(Source records)
+++++

Section HypergraphEigenvector.
Variables (R : realType) (n k : nat) (E : {set {set 'I_n}}) (y : 'I_n -> R) (rho : R).
Hypotheses (k_gt0 : (0 < k)%N) (Ek : uniform k E) (y_gt0 : forall i, 0 < y i).
Hypothesis y_eig :
  forall i, rho * y i ^+ k.-1 = \sum_(e in E | i \in e) \prod_(v in e :\ i) y v.

Lemma sum_edges_weighted (g : 'I_n -> R) :
  \sum_(e in E) \sum_(v in e) g v * \prod_(u in e) y u = \sum_v g v * (rho * y v ^+ k).
Proof.
under eq_bigr => e _ do rewrite big_mkcond.
rewrite exchange_big /=; apply: eq_bigr => v _.
rewrite -big_mkcondr /= -mulr_sumr; congr (_ * _).
rewrite -(prednK k_gt0) exprS mulrCA y_eig mulr_sumr.
by apply: eq_bigr => e /andP[_ ve]; rewrite (big_setD1 v ve).
Qed.

Lemma lagr_eigenvector : k%:R * lagr E y = rho * \sum_i y i ^+ k.
Proof.
transitivity (\sum_(e in E) \sum_(v in e) 1 * \prod_(u in e) y u).
  rewrite /lagr mulr_sumr; apply: eq_bigr => e eE.
  by rewrite sumr_const Ek // mulr_natl mul1r.
by rewrite sum_edges_weighted mulr_sumr; apply: eq_bigr => v _; rewrite mul1r.
Qed.

(* With |z_v| = y_v w_v, AM-GM on each edge bounds k z^e by y^e times the sum
   of the w_v^k, and double counting turns this into the eigenvalue times the
   k-norm. *)
Lemma lagr_le_eigenvalue (z : 'I_n -> R) :
  k%:R * lagr E z <= rho * \sum_i `|z i| ^+ k.
Proof.
pose w v := `|z v| / y v.
have zE v : `|z v| = y v * w v by rewrite /w mulrC divfK // gt_eqF.
have w_ge0 v : 0 <= w v by rewrite /w divr_ge0 // ltW.
have -> : rho * \sum_i `|z i| ^+ k = \sum_v w v ^+ k * (rho * y v ^+ k).
  by rewrite mulr_sumr; apply: eq_bigr => v _; rewrite zE exprMn; ring.
rewrite -sum_edges_weighted.
have lagr_le : lagr E z <= \sum_(e in E) \prod_(v in e) `|z v|.
  apply: le_trans (ler_norm _) _; apply: le_trans (ler_norm_sum _ _ _) _.
  by rewrite (eq_bigr _ (fun e _ => normr_prod _ _ _)).
apply: le_trans (ler_wpM2l (ler0n _ k) lagr_le) _.
rewrite mulr_sumr; apply: ler_sum => e eE.
have -> : \prod_(v in e) `|z v| = \prod_(v in e) y v * \prod_(v in e) w v.
  by rewrite -big_split; apply: eq_bigr => v _; rewrite zE.
rewrite -mulr_suml mulrCA [X in _ <= X]mulrC.
apply: ler_wpM2l; first by apply: prodr_ge0 => v _; apply: ltW.
exact: AGM_prod_le_sum_exp (Ek eE) w_ge0.
Qed.

Lemma hprincipal_of_eigenvector : \sum_i y i ^+ k = 1 -> hprincipal k E y.
Proof.
move=> y_norm; do 2!split=> //; exists rho; do 2!split=> //.
  exists y; split; last by rewrite lagr_eigenvector y_norm mulr1.
  by rewrite -y_norm; apply: eq_bigr => i _; rewrite ger0_norm // ltW.
by move=> z z_norm; have := lagr_le_eigenvalue z; rewrite z_norm mulr1.
Qed.

End HypergraphEigenvector.

Section QuadraticFormEigenvector.
Variables (R : realFieldType) (n : nat) (M : 'I_n -> 'I_n -> R) (x : 'I_n -> R) (lam : R).
Hypotheses (M_sym : forall u v, M u v = M v u) (M_ge0 : forall u v, 0 <= M u v).
Hypotheses (x_gt0 : forall i, 0 < x i) (x_eig : forall i, \sum_j M i j * x j = lam * x i).

Lemma qform_eigenvector : \sum_u \sum_v M u v * x u * x v = lam * \sum_i x i ^+ 2.
Proof.
rewrite mulr_sumr; apply: eq_bigr => u _.
transitivity (x u * \sum_v M u v * x v); last by rewrite x_eig; ring.
by rewrite mulr_sumr; apply: eq_bigr => v _; ring.
Qed.

(* Weighting 2 z_u z_v <= p z_u^2 + z_v^2 / p by p = x_v / x_u makes both
   halves collapse to lam * |z|^2 through the eigenequation. *)
Lemma qform_le_eigenvalue (z : 'I_n -> R) :
  \sum_u \sum_v M u v * z u * z v <= lam * \sum_i z i ^+ 2.
Proof.
have weighted_AGM (p a b : R) : 0 < p -> 2 * (a * b) <= p * a ^+ 2 + p^-1 * b ^+ 2.
  move=> p_gt0.
  have -> : p * a ^+ 2 + p^-1 * b ^+ 2 = 2 * (a * b) + p^-1 * (p * a - b) ^+ 2.
    by field; rewrite gt_eqF.
  by rewrite lerDl mulr_ge0 ?sqr_ge0 // invr_ge0 ltW.
have left_half : \sum_u \sum_v M u v * (x v / x u * z u ^+ 2) = lam * \sum_i z i ^+ 2.
  rewrite mulr_sumr; apply: eq_bigr => u _.
  transitivity (z u ^+ 2 / x u * \sum_v M u v * x v).
    by rewrite mulr_sumr; apply: eq_bigr => v _; ring.
  by rewrite x_eig; field; rewrite gt_eqF.
have right_half :
    \sum_u \sum_v M u v * ((x v / x u)^-1 * z v ^+ 2) = lam * \sum_i z i ^+ 2.
  rewrite -left_half exchange_big /=; apply: eq_bigr => u _; apply: eq_bigr => v _.
  by rewrite invf_div M_sym.
suff : 2 * \sum_u \sum_v M u v * z u * z v <=
       lam * \sum_i z i ^+ 2 + lam * \sum_i z i ^+ 2 by lra.
rewrite -{1}left_half -right_half -big_split mulr_sumr.
apply: ler_sum => u _; rewrite -big_split mulr_sumr; apply: ler_sum => v _ /=.
rewrite -mulrA mulrCA -mulrDr; apply: ler_wpM2l => //.
by apply: weighted_AGM; rewrite divr_gt0.
Qed.

End QuadraticFormEigenvector.

Lemma mu_sym n (E : {set {set 'I_n}}) u v : mu E u v = mu E v u.
Proof.
rewrite /mu eq_sym; case: eqP => // _.
by apply: eq_card => e; rewrite !inE [(u \in e) && _]andbC.
Qed.

Lemma shadow_principal_of_eigenvector (R : realType) n (E : {set {set 'I_n}})
    (x : 'I_n -> R) lam :
  (forall i, 0 < x i) -> \sum_i x i ^+ 2 = 1 ->
  (forall i, \sum_j (mu E i j)%:R * x j = lam * x i) -> shadow_principal E x.
Proof.
move=> x_gt0 x_norm x_eig; pose M u v : R := (mu E u v)%:R.
have M_sym u v : M u v = M v u by rewrite /M mu_sym.
have M_ge0 u v : 0 <= M u v by apply: ler0n.
do 2!split=> //; exists lam; do 2!split=> //.
  by exists x; rewrite (qform_eigenvector x_eig) x_norm mulr1.
move=> z z_norm.
by have := qform_le_eigenvalue M_sym M_ge0 x_gt0 x_eig z; rewrite z_norm mulr1.
Qed.

Lemma eq_ord0 n (j : 'I_n.+1) : (j == ord0) = (j == 0%N :> nat).
Proof. by rewrite -(inj_eq val_inj). Qed.

Lemma card_ord_eq_val m J : (J < m)%N -> #|[set j : 'I_m | J == val j]| = 1%N.
Proof.
move=> J_lt; rewrite -(cards1 (Ordinal J_lt)); apply: eq_card => j.
by rewrite !inE -val_eqE eq_sym.
Qed.

Definition star_block (k v : nat) : nat := v.-1 %/ (k - 1).

Section HyperstarStructure.
Variables (k eta : nat).
Hypothesis km1_gt0 : (0 < k - 1)%N.
Local Notation V := 'I_(eta * (k - 1)).+1.

Definition star_petal J : {set V} := [set v | (v != ord0) && (star_block k v == J)].

Lemma mem_star_edge j (v : V) :
  (v \in star_edge k eta j) = (v == ord0) || (star_block k v == j).
Proof.
rewrite inE eq_ord0; case: eqP => //= v_neq0.
by rewrite /star_block eqn_leq leq_divRL // -[(_ %/ _ <= _)%N]ltnS ltn_divLR //; lia.
Qed.

Lemma star_block_lt (v : V) : v != ord0 -> (star_block k v < eta)%N.
Proof.
rewrite eq_ord0 /star_block ltn_divLR // => v_neq0.
by have := ltn_ord v; lia.
Qed.

Lemma star_edgeE j : star_edge k eta j = ord0 |: star_petal j.
Proof.
by apply/setP => v; rewrite mem_star_edge in_setU1 inE; case: (v == ord0).
Qed.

+++++

• _What needs to be done_
Your answer is to contain exactly the lines from the one holding "Definition star_block (k" to the end of the entries, with no other line.

• _Answer space_
Definition star_block (k v : nat) : nat := v.-1 %/ (k - 1).

Section HyperstarStructure.
Variables (k eta : nat).
Hypothesis km1_gt0 : (0 < k - 1)%N.
Local Notation V := 'I_(eta * (k - 1)).+1.

Definition star_petal J : {set V} := [set v | (v != ord0) && (star_block k v == J)].

Lemma mem_star_edge j (v : V) :
  (v \in star_edge k eta j) = (v == ord0) || (star_block k v == j).
Proof.
rewrite inE eq_ord0; case: eqP => //= v_neq0.
by rewrite /star_block eqn_leq leq_divRL // -[(_ %/ _ <= _)%N]ltnS ltn_divLR //; lia.
Qed.

Lemma star_block_lt (v : V) : v != ord0 -> (star_block k v < eta)%N.
Proof.
rewrite eq_ord0 /star_block ltn_divLR // => v_neq0.
by have := ltn_ord v; lia.
Qed.

Lemma star_edgeE j : star_edge k eta j = ord0 |: star_petal j.
Proof.
by apply/setP => v; rewrite mem_star_edge in_setU1 inE; case: (v == ord0).
Qed.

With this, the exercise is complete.